Multi-level founding partnerships with internationally prominent institutions ensure the development of the Centers in close collaboration with world leaders in their respective fields. Additional collaborations with other research and academic institutions together with local authorities further enhance the development. Having launched its first center in 2007, The Cyprus Institute has secured a large number of research projects, including an Advanced Grant from the European Research Council (ERC), three European Research Area Chairs (ERA Chairs), and three Marie Skłodowska-Curie European Joint Doctorates (EJD).

The Cyprus Institute is also an accredited, degree-granting institution of higher education, offering Master’s and PhD programs in thematic areas of its expertise to select students from around the world.

Planning phase

The planning for the establishment of the Cyprus Institute took place from 2000 to 2004 under the aegis of the Cyprus Development Bank led by J. Joannides and A. Mouskos. Aided by A. Stamatis, the CEO of the Bank of Cyprus Oncology Center together with a team of scholars, they shaped the core vision and undertook the coordination, research and planning of the Institute.

The team of academics consisted of:
 Professor Ernest J. Moniz of the Massachusetts Institute of Technology, who has served as Secretary of the US Department of Energy and as associate director of the White House Office of Science and Technology Policy;
 Professor Guy Ourisson of Louis Pasteur University, who served as president of the French Academy of Sciences and was the founding president of the Louis Pasteur University in Strasbourg;
 Professor Costas N. Papanicolas of the University of Athens, chairman at the time of the Council of Educational Evaluation-Accreditation (CEEA);
 Professor Frank H.T. Rhodes who has served as president of Cornell University; 
 Professor Herwig Schopper, who has served as general director of the European Organization for Nuclear Research (CERN) and as chair of the Scientific Council of the SESAME.

The planning phase was led by Prof.

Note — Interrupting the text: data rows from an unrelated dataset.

(* Let $G^{\mathcal X}_r=(V_r,E^{\mathcal X}_r,s_r)$ be an extraction order. An edge $e\in E^{\mathcal X}_r$ is labeled with $j\in V_r$ (i.e., $j\in\mathcal L_e$) if and only if there exists a node $i\in V_r$ such that (i) $e$ lies on a directed path from $i$ to $j$ in $E^{\mathcal X}_r$, i.e., $e\in E_{i\leadsto j}$, and (ii) a confluence from $i$ to $j$ exists.
   Context: An extraction order of a directed graph $G_r=(V_r,E_r)$ is a rooted directed acyclic graph $G^{\mathcal X}_r=(V_r,E^{\mathcal X}_r,s_r)$ in which every node is reachable from $s_r$ and $E^{\mathcal X}_r$ is obtained from $E_r$ by reversing some (possibly no) edges. A confluence from $i$ to $j$ is a pair of directed paths in $E^{\mathcal X}_r$ from $i$ to $j$ sharing no node other than $i$ and $j$; it contains the edges of both paths. For $e\in E^{\mathcal X}_r$, $\mathcal L_e$ is the set of nodes $j$ such that $e$ belongs to some confluence with target $j$. $E_{i\leadsto j}$ denotes the set of edges of $E^{\mathcal X}_r$ that lie on some directed path from $i$ to $j$. *)

From mathcomp Require Import all_boot.
Set Implicit Arguments. Unset Strict Implicit. Unset Printing Implicit Defensive.

(* The original graph G_r = (V, E) is given by edges e : E with tail [srcr e]
   and head [tgtr e].  The extraction order E^X reverses the edges e with
   [rev e = true]. *)
Definition xsrc (V E : Type) (srcr tgtr : E -> V) (rev : E -> bool) (e : E) : V :=
  if rev e then tgtr e else srcr e.
Definition xtgt (V E : Type) (srcr tgtr : E -> V) (rev : E -> bool) (e : E) : V :=
  if rev e then srcr e else tgtr e.

Section Digraph.
Variables (V E : finType) (src tgt : E -> V).

Fixpoint is_walk (x : V) (p : seq E) (y : V) : bool :=
  if p is e :: p' then (src e == x) && is_walk (tgt e) p' y else x == y.

Definition is_dpath (x : V) (p : seq E) (y : V) : bool :=
  is_walk x p y && uniq (x :: map tgt p).

Definition path_nodes (x : V) (p : seq E) : seq V := x :: map tgt p.

Definition dag_acyclic : Prop := forall x p, is_walk x p x -> p = [::].

Definition rooted_at (s : V) : Prop := forall v : V, exists p, is_walk s p v.

Definition confluence (i j : V) (p1 p2 : seq E) : Prop :=
  [/\ is_dpath i p1 j, is_dpath i p2 j, p1 != p2 &
      forall v, v \in path_nodes i p1 -> v \in path_nodes i p2 -> (v == i) || (v == j)].

Definition labeled_with (e : E) (j : V) : Prop :=
  exists i p1 p2, confluence i j p1 p2 /\ (e \in p1 ++ p2).

Definition on_path_between (e : E) (i j : V) : Prop :=
  exists p, is_dpath i p j /\ e \in p.

End Digraph.

Definition extraction_order (V E : finType) (srcr tgtr : E -> V) (rev : E -> bool)
    (s : V) : Prop :=
  dag_acyclic (xsrc srcr tgtr rev) (xtgt srcr tgtr rev) /\
  rooted_at (xsrc srcr tgtr rev) (xtgt srcr tgtr rev) s.

From mathcomp Require Import all_boot.
Set Implicit Arguments. Unset Strict Implicit. Unset Printing Implicit Defensive.

(* Let e lie on a directed path p from i to j, and let (q1, q2) be a
   confluence from i to j whose edges do not contain e.  Around e, the path p
   leaves the node set C of q1 and q2 at a node a and first re-enters it at a
   node b.  If a and b lie on the same branch, say q1, rerouting q1 through
   this detour yields a confluence from i to j together with q2.  Otherwise
   a lies on q1 and b on q2 only; then the detour followed by q2 from b,
   together with q1 from a, is a confluence from a to j.  Acyclicity makes
   every walk built this way a directed path. *)

Section Walks.
Variables (V E : finType) (src tgt : E -> V).
Local Notation walk := (is_walk src tgt).
Local Notation nodes := (path_nodes tgt).

Lemma walk_cat x p z q y : walk x p z -> walk z q y -> walk x (p ++ q) y.
Proof.
elim: p x => [|f p IH] x /=; first by move/eqP->.
by case/andP=> -> /IH Wp /Wp.
Qed.

Lemma walk_cat_inv x p q y : walk x (p ++ q) y -> exists2 z, walk x p z & walk z q y.
Proof.
elim: p x => [|f p IH] x /=; first by exists x; rewrite ?eqxx.
by case/andP=> /eqP-> /IH [z Wp Wq]; exists z; rewrite ?eqxx.
Qed.

Lemma walk_rcons x p f y : walk x (rcons p f) y = walk x p (src f) && (tgt f == y).
Proof. by elim: p x => [|g p IH] x /=; rewrite ?IH ?andbA // eq_sym. Qed.

Lemma nodes_cat x p q : nodes x (p ++ q) = nodes x p ++ map tgt q.
Proof. by rewrite /path_nodes map_cat. Qed.

Lemma walk_end_in_nodes x p y : walk x p y -> y \in nodes x p.
Proof.
elim: p x => [|f p IH] x /=; first by move/eqP->; rewrite mem_head.
by case/andP=> _ /IH yp; rewrite in_cons yp orbT.
Qed.

Lemma walk_split_at x p y v : walk x p y -> v \in nodes x p ->
  exists p1 p2, [/\ p = p1 ++ p2, walk x p1 v & walk v p2 y].
Proof.
elim: p x => [|f p IH] x /=.
  by move=> /eqP-> /[!inE] /eqP->; exists [::], [::]; rewrite /= !eqxx.
case/andP=> /eqP fx Wp /[!inE] /orP [/eqP->|vp].
  by exists [::], (f :: p); rewrite /= fx eqxx Wp.
have [p1 [p2 [-> W1 W2]]] := IH _ Wp vp.
by exists (f :: p1), p2; rewrite /= fx eqxx W1 W2.
Qed.

Lemma walk_last_hit (C : pred V) x p z : C x -> walk x p z ->
  exists a q, [/\ C a, walk a q z & ~~ has C (map tgt q)].
Proof.
move=> Cx; elim/last_ind: p z => [|p f IH] z /=.
  by move/eqP<-; exists x, [::]; rewrite /= eqxx.
rewrite walk_rcons => /andP [/IH [a [q [Ca Wq NCq]]] /eqP<-].
have [Cf|NCf] := boolP (C (tgt f)); first by exists (tgt f), [::]; rewrite /= eqxx.
exists a, (rcons q f); split; rewrite ?walk_rcons ?Wq ?eqxx //.
by rewrite map_rcons has_rcons negb_or NCf.
Qed.

Lemma walk_first_hit (C : pred V) z p y : C y -> walk z p y ->
  exists b q, [/\ C b, walk z q b & {in nodes z q, forall v, C v -> v = b}].
Proof.
move=> Cy; elim: p z => [|f p IH] z /=.
  by move/eqP->; exists y, [::]; split; rewrite /= ?eqxx // => v /[!inE] /eqP.
case/andP=> /eqP<- /IH [b [q [Cb Wq Hq]]].
have [Cf|NCf] := boolP (C (src f)).
  by exists (src f), [::]; split; rewrite /= ?eqxx // => v /[!inE] /eqP.
exists b, (f :: q); split; rewrite /= ?eqxx //.
by move=> v /[!inE] /orP [/eqP-> /(negP NCf)|]; last exact: Hq.
Qed.

Lemma walk_bridge (C : pred V) x p y e : C x -> C y -> walk x p y -> e \in p ->
  exists a seg b, [/\ walk a seg b, e \in seg, C a, C b
                    & {in map tgt seg, forall v, C v -> v = b}].
Proof.
move=> Cx Cy W ep; case/splitPr: ep W => pa pb.
case/walk_cat_inv=> z Wa /= /andP [/eqP ez Wb].
have [a [q [Ca Wq NCq]]] := walk_last_hit Cx Wa.
have [b [r [Cb Wr Hr]]] := walk_first_hit Cy Wb.
exists a, (q ++ e :: r), b; split=> //.
- by apply: walk_cat Wq _; rewrite /= ez eqxx.
- by rewrite mem_cat mem_head orbT.
move=> v /[!(map_cat, mem_cat)] /orP [vq Cv|]; last exact: Hr.
by case/hasP: NCq; exists v.
Qed.

Lemma confluence_sym i j p1 p2 :
  confluence src tgt i j p1 p2 -> confluence src tgt i j p2 p1.
Proof. by case=> D1 D2 N12 H; split=> // [|v v2 v1]; [rewrite eq_sym | exact: H]. Qed.

Lemma labeled_on_path_confluence e j : labeled_with src tgt e j ->
  exists i, on_path_between src tgt e i j /\ exists p1 p2, confluence src tgt i j p1 p2.
Proof.
case=> i [p1 [p2 [conf /[1!mem_cat] ep]]]; have [D1 D2 _ _] := conf.
exists i; split; last by exists p1, p2.
by case/orP: ep => ep; [exists p1 | exists p2].
Qed.

Hypothesis acyclic : dag_acyclic src tgt.

Lemma walk_uniq x p y : walk x p y -> uniq (nodes x p).
Proof.
elim: p x => [|f p IH] x //= /andP [/eqP fx Wp].
apply/andP; split; last exact: IH Wp.
apply/negP => xp.
have [p1 [_ [_ W1 _]]] := walk_split_at Wp xp.
by have := @acyclic x (f :: p1); rewrite /= fx eqxx W1 => /(_ isT).
Qed.

Lemma walk_dpath x p y : walk x p y -> is_dpath src tgt x p y.
Proof. by move=> W; rewrite /is_dpath W (walk_uniq W). Qed.

Lemma labeled_of_walks i j P Q e : walk i P j -> walk i Q j -> e \in P -> e \notin Q ->
  (forall v, v \in nodes i P -> v \in nodes i Q -> (v == i) || (v == j)) ->
  labeled_with src tgt e j.
Proof.
move=> WP WQ eP eQ disj; exists i, P, Q; split; last by rewrite mem_cat eP.
split; [exact: walk_dpath | exact: walk_dpath | | exact: disj].
by apply: contraNneq eQ => <-.
Qed.

Lemma labeled_splice_inner i j q q' a seg b e :
  confluence src tgt i j q q' -> e \notin q' ->
  walk a seg b -> e \in seg -> a \in nodes i q -> b \in nodes i q ->
  {in map tgt seg, forall v, v \in nodes i q' -> v = b} ->
  labeled_with src tgt e j.
Proof.
move=> [/andP [W _] /andP [W' _] _ disj] eNq' Ws es aq bq Hseg.
have [qa [qa' [Eqa Wa _]]] := walk_split_at W aq.
have [qb' [qb [Eqb _ Wb]]] := walk_split_at W bq.
apply: (labeled_of_walks (walk_cat Wa (walk_cat Ws Wb)) W' _ eNq').
  by rewrite !mem_cat es orbT.
move=> v /[!(nodes_cat, map_cat, mem_cat)] /or3P [vqa|vs|vqb] vq'; apply: disj (vq').
- by rewrite Eqa nodes_cat mem_cat vqa.
- by rewrite (Hseg v vs vq').
- by rewrite Eqb nodes_cat mem_cat vqb orbT.
Qed.

Lemma labeled_splice_outer i j q q' a seg b e :
  confluence src tgt i j q q' -> e \notin q ->
  walk a seg b -> e \in seg -> a \in nodes i q -> b \in nodes i q' ->
  {in map tgt seg, forall v, v \notin nodes i q} ->
  labeled_with src tgt e j.
Proof.
move=> [/andP [W Uq] /andP [W' _] _ disj] eNq Ws es aq bq' Hseg.
have [qa [qa' [Eqa _ Wa']]] := walk_split_at W aq.
have [qb' [qb [Eqb _ Wb]]] := walk_split_at W' bq'.
apply: (labeled_of_walks (walk_cat Ws Wb) Wa').
- by rewrite mem_cat es.
- by apply: contra eNq; rewrite Eqa mem_cat orbC => ->.
(* Only j can be shared: i does not reappear on q after a. *)
move=> v vP vQ; have [//|va] := eqVneq v a.
have vq : v \in map tgt q.
  by move: vQ; rewrite inE (negbTE va) /= => vqa'; rewrite Eqa map_cat mem_cat vqa' orbT.
have vi : v != i by apply: contraTneq vq => ->; case/andP: Uq.
have vnq : v \in nodes i q by rewrite inE vq orbT.
move: vP; rewrite nodes_cat mem_cat inE (negbTE va) /= => /orP [vs|vqb].
  by case/negP: (Hseg v vs).
have vq' : v \in nodes i q' by rewrite Eqb nodes_cat mem_cat vqb orbT.
by move: (disj v vnq vq'); rewrite (negbTE vi).
Qed.

Lemma labeled_of_bridge i j q1 q2 a seg b e :
  confluence src tgt i j q1 q2 -> e \notin q1 -> e \notin q2 ->
  walk a seg b -> e \in seg -> a \in nodes i q1 ->
  (b \in nodes i q1) || (b \in nodes i q2) ->
  {in map tgt seg, forall v, (v \in nodes i q1) || (v \in nodes i q2) -> v = b} ->
  labeled_with src tgt e j.
Proof.
move=> conf e1 e2 Ws es aq1 Cb Hseg.
have [bq1|bq1] := boolP (b \in nodes i q1).
  apply: labeled_splice_inner conf e2 Ws es aq1 bq1 _ => v vs vq2.
  by apply: Hseg; rewrite ?vq2 ?orbT.
have bq2 : b \in nodes i q2 by move: Cb; rewrite (negbTE bq1).
apply: labeled_splice_outer conf e1 Ws es aq1 bq2 _ => v vs.
by apply: contra bq1 => vq1; rewrite -(Hseg v vs) ?vq1.
Qed.

Lemma labeled_of_path_confluence i j p e q1 q2 :
  walk i p j -> e \in p -> confluence src tgt i j q1 q2 -> labeled_with src tgt e j.
Proof.
move=> W ep conf; have [eq12|] := boolP (e \in q1 ++ q2); first by exists i, q1, q2.
rewrite mem_cat negb_or => /andP [e1 e2].
pose C : pred V := fun v => (v \in nodes i q1) || (v \in nodes i q2).
have Ci : C i by rewrite /C mem_head.
have Cj : C j.
  by case: conf => /andP [W1 _] _ _ _; rewrite /C (walk_end_in_nodes W1).
have [a [seg [b [Ws es /orP [aq1|aq2] Cb Hseg]]]] := walk_bridge Ci Cj W ep.
  exact: labeled_of_bridge conf e1 e2 Ws es aq1 Cb Hseg.
apply: labeled_of_bridge (confluence_sym conf) e2 e1 Ws es aq2 _ _.
  by rewrite orbC.
by move=> v vs; rewrite orbC; apply: Hseg.
Qed.

End Walks.

Theorem lemma13 (V E : finType) (srcr tgtr : E -> V) (rev : E -> bool) (s : V) :
  extraction_order srcr tgtr rev s ->
  forall (e : E) (j : V),
    labeled_with (xsrc srcr tgtr rev) (xtgt srcr tgtr rev) e j <->
    exists i : V,
      on_path_between (xsrc srcr tgtr rev) (xtgt srcr tgtr rev) e i j /\
      exists p1 p2, confluence (xsrc srcr tgtr rev) (xtgt srcr tgtr rev) i j p1 p2.
Proof.
case=> acyclic _ e j; split; first exact: labeled_on_path_confluence.
case=> i [[p [/andP [W _] ep]] [q1 [q2 conf]]].
exact: labeled_of_path_confluence W ep conf.
Qed.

Costas N. Papanicolas, the current president of the pnstitute and CEO of CREF. The vision of the institute and its staged development spanning a ten-year period was presented, debated and endorsed by a convocation of international scholars held in Nicosia in June 2002. The convocation was chaired by Prof. Hubert Curien, former minister of research of France, who accepted the founding chairmanship of the CREF Board. Following endorsement by the international community, a plan for launching the institute was drafted, which was accepted and supported by the Cyprus Development Bank and the Government of Cyprus.

Institutional framework 

The Cyprus Institute is being developed under the institutional umbrella of the Cyprus Research and Educational Foundation (CREF), governed by a board which is international in its composition. The board is chaired by Prof. Dan-Olof Riska, emeritus professor of physics at the University of Helsinki and treasurer and former president of the Finnish Society of Sciences and Letters and includes world-renowned academics, all living presidents of the republic, regional and international political, civic and business leaders. The board is advised and aided by an international body of distinguished academics known as the Scientific Advisory Council.

The research centers
The research organization of the institute comprises cross-disciplinary research centers pursuing issues of scholarly relevance, global significance and regional focus. There are currently four active research centers.

 Energy, Environment and Water Research Center (EEWRC)
 Science and Technology in Archaeology and Culture Research Center (STARC)
 Computation-based Science and Technology Research Center (CaSToRC)
 Climate and Atmosphere Research Center (CARE-C)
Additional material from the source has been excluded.